Data provided Block Start

Lemma is_derive_conv y : is_derive (conv g Q) y (conv g q y + g y * Q (-1)).
Proof.
  assert (HQc : forall z, continuous Q z).
  { intro z; apply (ex_derive_continuous (V := R_NormedModule)); eexists; apply HQ. }
  set (f := fun u s => g s * Q (u - 1 - s)).
  assert (Hex : forall u a b, ex_RInt (f u) a b) by (intros; apply ex_RInt_conv, HQc).
  assert (Hder : is_derive (fun u => RInt (f u) (-1) u) y
                   (RInt (fun s => Derive (fun u => f u s) y) (-1) y + f y y * 1)).
  (* Leibniz rule for a parametric integral with a variable upper bound *)
  { apply is_derive_RInt_param_bound_comp_aux3.
    - apply filter_forall; intros; apply Hex.
    - exists (mkposreal 1 Rlt_0_1); apply filter_forall; intros; apply Hex.
    - apply (is_derive_id (K := R_AbsRing)).
    - exists (mkposreal 1 Rlt_0_1); apply filter_forall; intros u s _.
      eexists; apply is_derive_conv_kernel.
    - intros; apply continuity_2d_conv_kernel.
    - exists (mkposreal 1 Rlt_0_1); intros; apply continuity_2d_conv_kernel.
    - apply continuity_pt_filterlim, (continuous_mult (K := R_AbsRing)), continuous_reflect;
        auto. }
  replace (conv g q y + g y * Q (-1))
    with (RInt (fun s => Derive (fun u => f u s) y) (-1) y + f y y * 1); [exact Hder|].
  unfold f, conv; replace (y - 1 - y) with (-1) by ring; rewrite Rmult_1_r; f_equal.
  apply RInt_ext; intros; apply is_derive_unique, is_derive_conv_kernel.
Qed.

End Kernel.
Lemma near_box_sub x P : (\forall y \near x, P y) ->
  exists a b : 'rV[R]_n, (forall i, a 0 i < b 0 i) /\ box a b `<=` P.
Proof.
move=> /near_coordP[e e_gt0 xeP].
exists (x - const_mx (e / 2)), (x + const_mx (e / 2)); split.
  by move=> i; rewrite !mxE; lra.
move=> y y_in; apply: xeP => i; have := y_in i; rewrite !mxE ltr_norml.
by move=> /andP[? ?]; apply/andP; split; lra.
Qed.
Lemma near_sine_polar (L : set 'rV[R]_n) x (Z q : R) : 0 <= Z ->
  (forall z, L z -> forall i, `|z 0 i| <= Z) -> q < 1 ->
  (forall z, L z -> sinbr2 x z <= q) -> \forall y \near x, sine_polar L y.
Proof.
move=> Z_ge0 LZ q_lt1 xq.
set C := n%:R ^+ 2 * Z ^+ 2 * (4 * enorm x + 1).
have C_ge0 : 0 <= C by rewrite !mulr_ge0 ?sqr_ge0 ?addr_ge0 ?mulr_ge0 ?enorm_ge0.
set del := Num.min 1 ((1 - q) / (C + 1)).
have del_gt0 : 0 < del by rewrite lt_min ltr01 divr_gt0 ?subr_gt0 //; lra.
have del_le1 : del <= 1 by rewrite ge_min lexx.
have delC : del * C <= 1 - q.
  have : del <= (1 - q) / (C + 1) by rewrite ge_min lexx orbT.
  rewrite ler_pdivlMr; [nra | lra].
apply/near_coordP; exists del => // y xy z Lz.
have -> : y = x + (y - x) by rewrite addrC subrK.
have del_ge0 : 0 <= del <= 1 by rewrite ltW.
have yx i : `|(y - x) 0 i| <= del by rewrite !mxE distrC ltW.
rewrite sinbr_le1; apply: le_trans (sinbr2_addl_le (enorm_ge0 x) Z_ge0 del_ge0
  (normr_coord_le_enorm x) (LZ z Lz) yx) _.
by rewrite -/C; have := xq z Lz; lra.
Qed.

Lemma sqnorm_continuous : continuous (@sqnorm R n).
Proof.
move=> x; rewrite /sqnorm /dotv.
apply: (@cvg_big _ _ _ _ _ add_continuous _ (nbhs x)) => i _.
by apply: cvgM; apply: coord_continuous.
Qed.

Lemma enorm_continuous : continuous (@enorm R n).
Proof.
by move=> x; apply: continuous_comp; [apply: sqnorm_continuous | apply: sqrt_continuous].
Qed.

Lemma normalize_continuous x : x != 0 -> {for x, continuous (@normalize R n)}.
Proof.
rewrite -enorm_eq0 => x_neq0.
exact: cvgZ (cvgV x_neq0 (@enorm_continuous x)) cvg_id.
Qed.

End Neighbourhoods.

Section SinePolar.
Variables (R : realType) (n : nat).
Implicit Types (K : set 'rV[R]_n) (z : 'rV[R]_n).

Lemma subset_sine_polar2 K : K `<=` sine_polar (sine_polar K).
Proof. by move=> y Ky x Kx; rewrite sinbrC; apply: Kx. Qed.

(* A single axis c e_i only bounds the component of z orthogonal to e_i. *)
Lemma sqnorm_sine_polar_le K (i j : 'I_n) (c : R) : i != j ->
  K (c *: delta_mx 0 i) -> K (c *: delta_mx 0 j) ->
  forall z, sine_polar K z -> c ^+ 2 * sqnorm z <= 2.
Proof.
move=> ij Ki Kj z Kz.
have axis k : K (c *: delta_mx 0 k) -> c ^+ 2 * (sqnorm z - z 0 k ^+ 2) <= 1.
  by move=> /Kz; rewrite sinbr_le1 /sinbr2 sqnormZ sqnorm_delta dotvZr dotv_delta; lra.
have := axis i Ki; have := axis j Kj; have := sqr_coord2_le_sqnorm z ij.
have := sqr_ge0 c; nra.
Qed.

End SinePolar.

Section RadialBody.
Variables (R : realType) (n : nat) (rho : 'rV[R]_n -> R).
Hypothesis rho_gt0 : forall u, unit_sphere u -> 0 < rho u.
Hypothesis rho_cont : {within unit_sphere, continuous rho}.

Definition radial_body : set 'rV[R]_n :=
  [set x | exists r u, unit_sphere u /\ 0 <= r <= rho u /\ x = r *: u].

Lemma radial_body_scale u r : unit_sphere u -> 0 <= r <= rho u -> radial_body (r *: u).
Proof. by move=> u1 r_in; exists r, u. Qed.

Lemma sine_polar_radial_body_bounded : (1 < n)%N ->
  exists2 Z, 0 <= Z & forall z, sine_polar radial_body z -> forall i, `|z 0 i| <= Z.
Proof.
move=> n_gt1; pose i0 := Ordinal (ltnW n_gt1); pose i1 := Ordinal n_gt1.
have e1 (j : 'I_n) : unit_sphere (delta_mx 0 j : 'rV[R]_n) by apply: sqnorm_delta.
pose c := Num.min (rho (delta_mx 0 i0)) (rho (delta_mx 0 i1)).
have c_gt0 : 0 < c by rewrite lt_min !rho_gt0.
have Kc (j : 'I_n) : (j == i0) || (j == i1) -> radial_body (c *: delta_mx 0 j).
  move=> j01; apply: radial_body_scale => //; rewrite ltW //=.
  by case/orP: j01 => /eqP->; rewrite ge_min lexx ?orbT.
exists (Num.sqrt (2 / c ^+ 2)) => // z Kz i.
apply: le_trans (normr_coord_le_enorm z i) _.
rewrite ler_sqrt ?divr_ge0 ?sqr_ge0 // ler_pdivlMr ?exprn_gt0 // mulrC.
have i01 : i0 != i1 by [].
by apply: (sqnorm_sine_polar_le i01 (Kc i0 _) (Kc i1 _) Kz); rewrite eqxx ?orbT.
Qed.

Lemma near_notin_radial_body u t : unit_sphere u -> rho u < t ->
  \forall x \near t *: u, ~ radial_body x.
Proof.
move=> u1 rho_lt.
have t_gt0 : 0 < t := lt_trans (rho_gt0 u1) rho_lt.
set eps := (t - rho u) / 2.
have eps_gt0 : 0 < eps by rewrite divr_gt0 // subr_gt0.
have tu_neq0 : t *: u != 0 by rewrite -enorm_eq0 enorm_scale_unit ?ltW // gt_eqF.
have near_enorm : \forall x \near t *: u, `|t - enorm x| < eps.
  have : enorm x @[x --> t *: u] --> t.
    by rewrite -[in X in _ --> X](enorm_scale_unit u1 (ltW t_gt0)); apply: enorm_continuous.
  by move=> /cvgrPdist_lt; apply.
have near_rho : \forall x \near t *: u,
    unit_sphere (normalize x) -> `|rho u - rho (normalize x)| < eps.
  have /cvgrPdist_lt/(_ eps eps_gt0) := (subspace_continuousP _ _).1 rho_cont u u1.
  have : normalize x @[x --> t *: u] --> u.
    by rewrite -[in X in _ --> X](normalize_scale_unit u1 t_gt0); apply: normalize_continuous.
  by apply.
near=> x => -[r [v [v1 [/andP[r_ge0 r_le] x_eq]]]].
have : `|t - enorm x| < eps by near: x.
rewrite x_eq enorm_scale_unit // ltr_distlC => /andP[t_lt _].
have rho_u_gt0 := rho_gt0 u1.
have r_gt0 : 0 < r by rewrite /eps in t_lt; lra.
have : unit_sphere (normalize x) -> `|rho u - rho (normalize x)| < eps by near: x.
rewrite x_eq normalize_scale_unit // => /(_ v1); rewrite ltr_distlC => /andP[_ rho_v_lt].
rewrite /eps in t_lt rho_v_lt; lra.
Unshelve. all: by end_near.
Qed.

Lemma sine_polar2_diff_box x0 : (1 < n)%N ->
  sine_polar (sine_polar radial_body) x0 -> ~ radial_body x0 ->
  exists a b : 'rV[R]_n, (forall i, a 0 i < b 0 i) /\
    box a b `<=` sine_polar (sine_polar radial_body) `&` ~` radial_body.
Proof.
move=> n_gt1 x0_in x0_notin.
have x0_neq0 : x0 != 0.
  apply/eqP => x0_eq0; apply: x0_notin; pose e : 'rV[R]_n := delta_mx 0 (Ordinal n_gt1).
  have e1 : unit_sphere e by apply: sqnorm_delta.
  by rewrite x0_eq0 -(scale0r e); apply: radial_body_scale; rewrite // lexx ltW ?rho_gt0.
set s := enorm x0; set u := normalize x0.
have u1 : unit_sphere u := unit_sphere_normalize x0_neq0.
have s_gt0 : 0 < s by rewrite lt_def enorm_eq0 x0_neq0 enorm_ge0.
have x0E : x0 = s *: u by rewrite enorm_normalize.
have rho_lt : rho u < s.
  rewrite ltNge; apply/negP => rho_ge; apply: x0_notin.
  by rewrite x0E; apply: radial_body_scale; rewrite // ltW.
have rho_u_gt0 := rho_gt0 u1.
set t := (rho u + s) / 2.
have [Z Z_ge0 KZ] := sine_polar_radial_body_bounded n_gt1.
apply: (near_box_sub (x := t *: u)); near=> y; split.
- near: y; apply: (near_sine_polar Z_ge0 KZ (q := (t / s) ^+ 2)).
    have ts_ge0 : 0 <= t / s by rewrite divr_ge0 // /t; lra.
    by rewrite exprn_ilt1 // ltr_pdivrMr // mul1r /t; lra.
  move=> z Kz; have -> : t *: u = (t / s) *: x0 by rewrite x0E scalerA mulfVK ?gt_eqF.
  rewrite sinbr2Zl -[leRHS]mulr1 ler_wpM2l ?sqr_ge0 // -sinbr_le1.
  exact: x0_in.
- by near: y; apply: near_notin_radial_body; rewrite // /t; lra.
Unshelve. all: by end_near.
Qed.

End RadialBody.

Theorem lemma5p1 (R : realType) (n : nat) (hn : (2 <= n)%N) (K : set 'rV[R]_n) :
  bounded_euclid K -> lebesgue_measurable K ->
  (volume K <= volume (sine_polar (sine_polar K)))%E /\
  (star_body K ->
     (volume (sine_polar (sine_polar K)) = volume K <-> K = sine_polar (sine_polar K))).
Proof.
move=> K_bounded K_meas; have K_sub := @subset_sine_polar2 _ _ K.
split=> [|[rho [rho_gt0 [rho_cont K_eq]]]]; first exact: le_volume.
split=> [vol_eq|<-] //; apply/seteqP; split=> // x x_in; apply: contrapT => x_notin.
have [a [b [ab box_sub]]] : exists a b : 'rV[R]_n, (forall i, a 0 i < b 0 i) /\
    box a b `<=` sine_polar (sine_polar K) `&` ~` K.
  rewrite K_eq in x_in x_notin *.
  exact: (sine_polar2_diff_box rho_gt0 rho_cont hn x_in x_notin).
have K_fin : volume K \is a fin_num.
  by rewrite ge0_fin_numE ?volume_ge0 // volume_bounded_lty // ltnW.
have diff_pos : (0 < volume (sine_polar (sine_polar K) `&` ~` K))%E.
  apply: lt_le_trans (le_volume box_sub).
  apply: lt_le_trans (boxvol_le_volume_box (fun i => ltW (ab i))).
  by rewrite lte_fin boxvol_gt0.
by have := caratheodory_lt K_meas K_fin K_sub diff_pos; rewrite vol_eq ltxx.
Qed.
(* Let $H$ be a hyperring, $i:A\to B$ a strict injective morphism of $H$-modules (identify $A$ with $i(A)$, a submodule of $B$), and $C$ a submodule of $A$. Let $j:A\to A/C$ and $j':B\to B/C$ be the quotient maps. Then the induced map $i':A/C\to B/C$, $[x]\mapsto[i(x)]$, is a well-defined strict injective morphism, and the square with top $i$, left $j$, right $j'$, bottom $i'$ is both a pullback and a pushout in $\mathrm{Mod}_H$.
   Context: A hyperaddition on a set $M$ is a commutative map $M\times M\to\{$nonempty subsets of $M\}$; for subsets $X+Y=\bigcup_{x\in X,y\in Y}(x+y)$, and elements are identified with singletons. A hypergroup: $(a+b)+c=a+(b+c)$; unique $0$ with $a+0=\{a\}$; unique $-a$ with $0\in a+(-a)$; $a\in b+c\Rightarrow c\in a+(-b)$. A hyperring is a hypergroup with commutative monoid multiplication distributing over hyperaddition. An $H$-module is a hypergroup $M$ with $H\times M\to M$ such that $1m=m$, $0m=0$, $(xy)m=x(ym)$, $x(m_1+m_2)=xm_1+xm_2$, $(x+y)m=xm+ym$. A morphism satisfies $f(0)=0$, $f(rm)=rf(m)$, $f(a+b)\subseteq f(a)+f(b)$; it is strict if equality holds. A submodule of $M$ is a subset $N$ containing $0$, closed under negatives and scalar multiplication, with $a+b\subseteq N$ for all $a,b\in N$. For a submodule $C$ of $B$, $B/C$ is the set of classes of $b_1\equiv b_2\iff b_1+C=b_2+C$, with hyperaddition $[x]+[y]=\{[z]: z\in x'+y', x'\equiv x, y'\equiv y\}$ and action $r[x]=[rx]$. *)

From Stdlib Require Import ClassicalEpsilon.

Set Implicit Arguments.
Unset Strict Implicit.

(* A hyperaddition on T is encoded as a ternary relation: [add a b c] means
   c \in a + b.  Sums of subsets X + Y = \bigcup_{x in X, y in Y} (x + y). *)

Definition is_hypergroup (T : Type) (add : T -> T -> T -> Prop) (zero : T) : Prop :=
  (forall a b, exists c, add a b c) /\
  (forall a b c, add a b c -> add b a c) /\
  (* associativity: (a+b)+c = a+(b+c) as sets *)
  (forall a b c d, (exists x, add a b x /\ add x c d) <-> (exists y, add b c y /\ add a y d)) /\
  (forall a c, add a zero c <-> c = a) /\
  (forall z, (forall a c, add a z c <-> c = a) -> z = zero) /\
  (forall a, exists! b, add a b zero) /\
  (forall a b c nb, add b c a -> add b nb zero -> add a nb c).

Record hyperring := HyperRing {
  hr_car :> Type;
  hr_add : hr_car -> hr_car -> hr_car -> Prop;
  hr_zero : hr_car;
  hr_mul : hr_car -> hr_car -> hr_car;
  hr_one : hr_car;
  hr_hgroup : is_hypergroup hr_add hr_zero;
  hr_mulA : forall x y z, hr_mul x (hr_mul y z) = hr_mul (hr_mul x y) z;
  hr_mulC : forall x y, hr_mul x y = hr_mul y x;
  hr_mul1 : forall x, hr_mul hr_one x = x;
  hr_distr : forall x y z w,
      hr_add (hr_mul x y) (hr_mul x z) w <-> exists t, hr_add y z t /\ w = hr_mul x t
}.

Record hmod_ops (H : hyperring) (M : Type) := HModOps {
  m_add : M -> M -> M -> Prop;
  m_zero : M;
  m_act : H -> M -> M
}.

Definition is_hmodule (H : hyperring) (M : Type) (o : hmod_ops H M) : Prop :=
  is_hypergroup (m_add o) (m_zero o) /\
  (forall m, m_act o (hr_one H) m = m) /\
  (forall m, m_act o (hr_zero H) m = m_zero o) /\
  (forall x y m, m_act o (hr_mul x y) m = m_act o x (m_act o y m)) /\
  (forall x m1 m2 w, m_add o (m_act o x m1) (m_act o x m2) w <->
                     exists t, m_add o m1 m2 t /\ w = m_act o x t) /\
  (forall x y m w, m_add o (m_act o x m) (m_act o y m) w <->
                   exists t, hr_add x y t /\ w = m_act o t m).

Data provided Block End

§ Your instructions:
Give back exactly the lines above starting at the line where "hr_zero : hr_car;" appears and ending at the line where "is_hypergroup (m_add o) (m_zero o) /\" appears, both included, with no other lines.

§ Your solution:
  hr_zero : hr_car;
  hr_mul : hr_car -> hr_car -> hr_car;
  hr_one : hr_car;
  hr_hgroup : is_hypergroup hr_add hr_zero;
  hr_mulA : forall x y z, hr_mul x (hr_mul y z) = hr_mul (hr_mul x y) z;
  hr_mulC : forall x y, hr_mul x y = hr_mul y x;
  hr_mul1 : forall x, hr_mul hr_one x = x;
  hr_distr : forall x y z w,
      hr_add (hr_mul x y) (hr_mul x z) w <-> exists t, hr_add y z t /\ w = hr_mul x t
}.

Record hmod_ops (H : hyperring) (M : Type) := HModOps {
  m_add : M -> M -> M -> Prop;
  m_zero : M;
  m_act : H -> M -> M
}.

Definition is_hmodule (H : hyperring) (M : Type) (o : hmod_ops H M) : Prop :=
  is_hypergroup (m_add o) (m_zero o) /\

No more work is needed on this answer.